“Where Are You Going, Where Have You Been” is perhaps Joyce Carol Oates most widely read and anthologized short story, and, as one critic wrote, “justly so” (Gale 257). First published in the 1996 edition of the journal Epoch and later reprinted in the 1970 short-story collection The Wheel of Love, the story has remained a critical and reader favorite. Literary scholar G.F. Waller has called it “one of the masterpieces of the genre” (Gale 257). In 1986, director Joyce Chopra adapted “Where Are You Going, Where Have You Been” for the big screen, translating the perennially popular story into Smooth Talk, a well-received film. Even Oates herself, in a 1982 interview, admitted that among hundreds of short-stories, “Where Are You Going, Where Have You Been” remained one of her favorites (Sjoberg 284).
In the story, Arnold Friend, an older man in teenage garb, arrives at the home of Connie, a 15-year-old girl on the cusp of adulthood, to convince her to come for a ride in his golden car. When Connie refuses, Arnold Friend becomes aggressive, using manipulation and threats to force her to submit. The nature of Arnold Friend’s true identity remains ambiguous throughout the story and has encouraged broad critical speculation. The most popular interpretation holds that the story’s villain is the devil or death in disguise. In “Where Are You Going, Where Have You Been” Joyce Carol Oates explores the cultural upheaval of mid-century America as well as themes of identity, will, and independence.
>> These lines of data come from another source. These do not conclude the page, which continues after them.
Lemma list_Rabs_bound (T U : Type) (l : list (T * R * U * R)) :
  exists B, forall a r b t, In (a, r, b, t) l -> Rabs r <= B.
Proof.
  induction l as [|[[[a r] b] t] l [B HB]].
  - exists 0; intros ? ? ? ? [].
  - exists (Rmax (Rabs r) B); intros a' r' b' t' [E|E].
    + injection E as -> -> -> ->; apply Rmax_l.
    + eapply Rle_trans; [exact (HB _ _ _ _ E) | apply Rmax_r].
Qed.

Lemma Der0_support_bounded (Gam : R -> Prop) (s p : R) (d : Lmap) (A : kind) :
  Der0 Gam s d -> valid Gam s A p ->
  exists B, forall a r b t, d A p a r b t <> C0 -> Rabs r <= B.
Proof.
  intros [[d0 [d1 [Hd0 [Hd1 Hsum]]]] _] HA.
  destruct (proj1 (proj1 (proj1 Hd0 A p HA))) as [l0 Hl0].
  destruct (proj1 (proj1 (proj1 Hd1 A p HA))) as [l1 Hl1].
  destruct (list_Rabs_bound _ _ (l0 ++ l1)) as [B HB].
  exists B; intros a r b t Hn; apply (HB a r b t), in_or_app.
  rewrite (Hsum A p HA) in Hn; unfold Vadd in Hn.
  destruct (classic (d0 A p a r b t = C0)) as [E|E].
  - right; apply Hl1; intros E'; apply Hn; now rewrite E, E', Cadd_C0_l.
  - left; now apply Hl0.
Qed.

Definition shift_defect (A a b : kind) (p r t m : R) : R :=
  brc KL (- m) A (m + p) * brc KL m A p
  - brc KL (- m) a (r + m) * brc KL m a r
  - brc KL (- m) b (t + m) * brc KL m b t.

(* A quadratic in m: each product brc KL (-m) X (m + q) * brc KL m X q has leading
   term -2 m^2 or -3/4 m^2, so the leading coefficient is never 0. *)
Lemma shift_defect_three_roots (A a b : kind) (p r t m : R) :
  m <> 0 -> shift_defect A a b p r t m = 0 -> shift_defect A a b p r t (2 * m) = 0 ->
  shift_defect A a b p r t (3 * m) = 0 -> False.
Proof.
  intros Hm; destruct A, a, b; unfold shift_defect, brc; intros E1 E2 E3;
  apply Hm; nra.
Qed.

Lemma shift_defect_component (cA c' ba bb ca cb x u w : R) :
  cA * u = ca * x -> cA * w = cb * x -> c' * x = ba * u + bb * w ->
  (c' * cA - ba * ca - bb * cb) * x = 0.
Proof.
  intros Hu Hw Hx.
  replace ((c' * cA - ba * ca - bb * cb) * x)
    with (cA * (c' * x) - ba * (ca * x) - bb * (cb * x)) by ring.
  rewrite Hx, <- Hu, <- Hw; ring.
Qed.

(* Here v = d(A_p) and w = d(A_{m+p}); the two identities are the actions of
   L_m and L_{-m}. *)
Lemma shift_defect_annihilates (A a b : kind) (p r t m : R) (v w : Vvec) :
  Vscale (brc KL m A p) w = act KL m v ->
  Vscale (brc KL (- m) A (m + p)) v = act KL (- m) w ->
  v a (r + m) b (t - m) = C0 -> v a (r - m) b (t + m) = C0 ->
  Cscale (shift_defect A a b p r t m) (v a r b t) = C0.
Proof.
  intros Hup Hdown Z1 Z2.
  pose proof (f_equal (fun u => u a (r + m) b t) Hup) as K1.
  pose proof (f_equal (fun u => u a r b (t + m)) Hup) as K2.
  pose proof (f_equal (fun u => u a r b t) Hdown) as K3.
  simpl in K1, K2, K3; rewrite act_KL in K1, K2, K3; unfold Vscale in K1, K2, K3.
  replace (r + m - m) with r in K1 by ring.
  replace (t + m - m) with t in K2 by ring.
  replace (r - - m) with (r + m) in K3 by ring.
  replace (t - - m) with (t + m) in K3 by ring.
  rewrite Z1, Cscale_C0, Cadd_C0_r in K1; rewrite Z2, Cscale_C0, Cadd_C0_l in K2.
  unfold shift_defect.
  destruct (v a r b t) as [x1 x2], (w a (r + m) b t) as [u1 u2],
    (w a r b (t + m)) as [w1 w2].
  unfold Cadd, Cscale, C0 in *; simpl in *.
  injection K1 as K1x K1y; injection K2 as K2x K2y; injection K3 as K3x K3y.
  f_equal; eapply shift_defect_component; eauto.
Qed.

Lemma shift_defect_vanishes (m p r t B : R) (d : Lmap) (A a b : kind) :
  (forall a r b t, d A p a r b t <> C0 -> Rabs r <= B) ->
  d_br d KL m A p = act KL m (d A p) ->
  d_br d KL (- m) A (m + p) = act KL (- m) (d A (m + p)) ->
  2 * B < m -> d A p a r b t <> C0 -> shift_defect A a b p r t m = 0.
Proof.
  intros Hbound Hup Hdown Hm Hne.
  pose proof (Hbound _ _ _ _ Hne) as Hr.
  assert (Far : forall r', B < Rabs r' -> forall t', d A p a r' b t' = C0).
  { intros r' Hr' t'; apply NNPP; intros N; pose proof (Hbound _ _ _ _ N); lra. }
  rewrite !d_br_KL in Hup, Hdown.
  replace (- m + (m + p)) with p in Hdown by ring.
  apply (Cscale_eq_C0 _ (d A p a r b t)); [|exact Hne].
  apply shift_defect_annihilates with (w := d A (m + p)); try assumption;
    apply Far.
  - pose proof (Rle_abs (r + m)); pose proof (Rle_abs (- r)); rewrite Rabs_Ropp in *; lra.
  - pose proof (Rle_abs (- (r - m))); pose proof (Rle_abs r); rewrite Rabs_Ropp in *; lra.
Qed.

Theorem mainTheorem11 (Gam : R -> Prop) (s eps : R) (d : Lmap) :
  is_add_subgroup Gam -> (exists x, Gam x /\ x <> 0) -> Gam (2 * s) ->
  Gam eps -> 0 < eps ->
  Der0 Gam s d ->
  (forall k : Z, d KL (IZR k * eps) = V0) ->
  forall (A : kind) (p : R), valid Gam s A p -> d A p = V0.
Proof.
  intros HG _ _ Geps Heps Hd HL A p HA.
  assert (inner : forall k X q, valid Gam s X q ->
            d_br d KL (IZR k * eps) X q = act KL (IZR k * eps) (d X q)).
  { intros k X q HX; apply (Der0_KL_inner Gam s); auto; apply Gam_IZR_mul; auto. }
  assert (step : forall k, d_br d KL (- (IZR k * eps)) A (IZR k * eps + p)
                          = act KL (- (IZR k * eps)) (d A (IZR k * eps + p))).
  { intros k; rewrite Ropp_mult_distr_l, <- opp_IZR; apply inner.
    apply valid_shift; auto; apply Gam_IZR_mul; auto. }
  destruct (Der0_support_bounded Gam s p d A Hd HA) as [B HB].
  apply Vvec_ext; intros a r b t; apply NNPP; intros Hne.
  destruct (exists_IZR_mul_gt eps (2 * Rabs B) Heps) as [k Hm].
  pose proof (Rle_abs B); pose proof (Rabs_pos B).
  assert (far : forall j : Z, (1 <= j)%Z -> shift_defect A a b p r t (IZR (j * k) * eps) = 0).
  { intros j Hj; apply IZR_le in Hj; rewrite mult_IZR, Rmult_assoc.
    apply (shift_defect_vanishes _ p r t B d A a b HB); auto.
    - rewrite <- Rmult_assoc, <- mult_IZR; apply inner, HA.
    - rewrite <- Rmult_assoc, <- mult_IZR; apply step.
    - nra. }
  apply (shift_defect_three_roots A a b p r t (IZR k * eps)); [lra | ..].
  - rewrite <- (Z.mul_1_l k); apply far; lia.
  - rewrite <- Rmult_assoc, <- (mult_IZR 2); apply far; lia.
  - rewrite <- Rmult_assoc, <- (mult_IZR 3); apply far; lia.
Qed.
Inspiration for the story has come from a diffuse array of sources. Oates has always been “fascinated” by “the predicament of the young and of women;” as a young woman Connie’s character would easily fall within the author’s broader interests (Sjoberg 273). More specifically, Arnold Friend’s character was inspired by Charles Schmid, a man known as the Pied Piper of Tucson for his seduction and murder of several teenage girls (Oates). The structure of the story was influenced by Western European folk-tales about Death and the Maiden, where death personified seduces a young woman. Oates wrote that the story’s original title was in fact “Death and the Maiden,” but that she ultimately thought it “too explicit” (Oates). Finally, the tone and mood of the story were inspired by the 1965 Bob Dylan song “It’s All Over Now, Baby Blue,” which Oates once called “hauntingly elegiac” (Oates).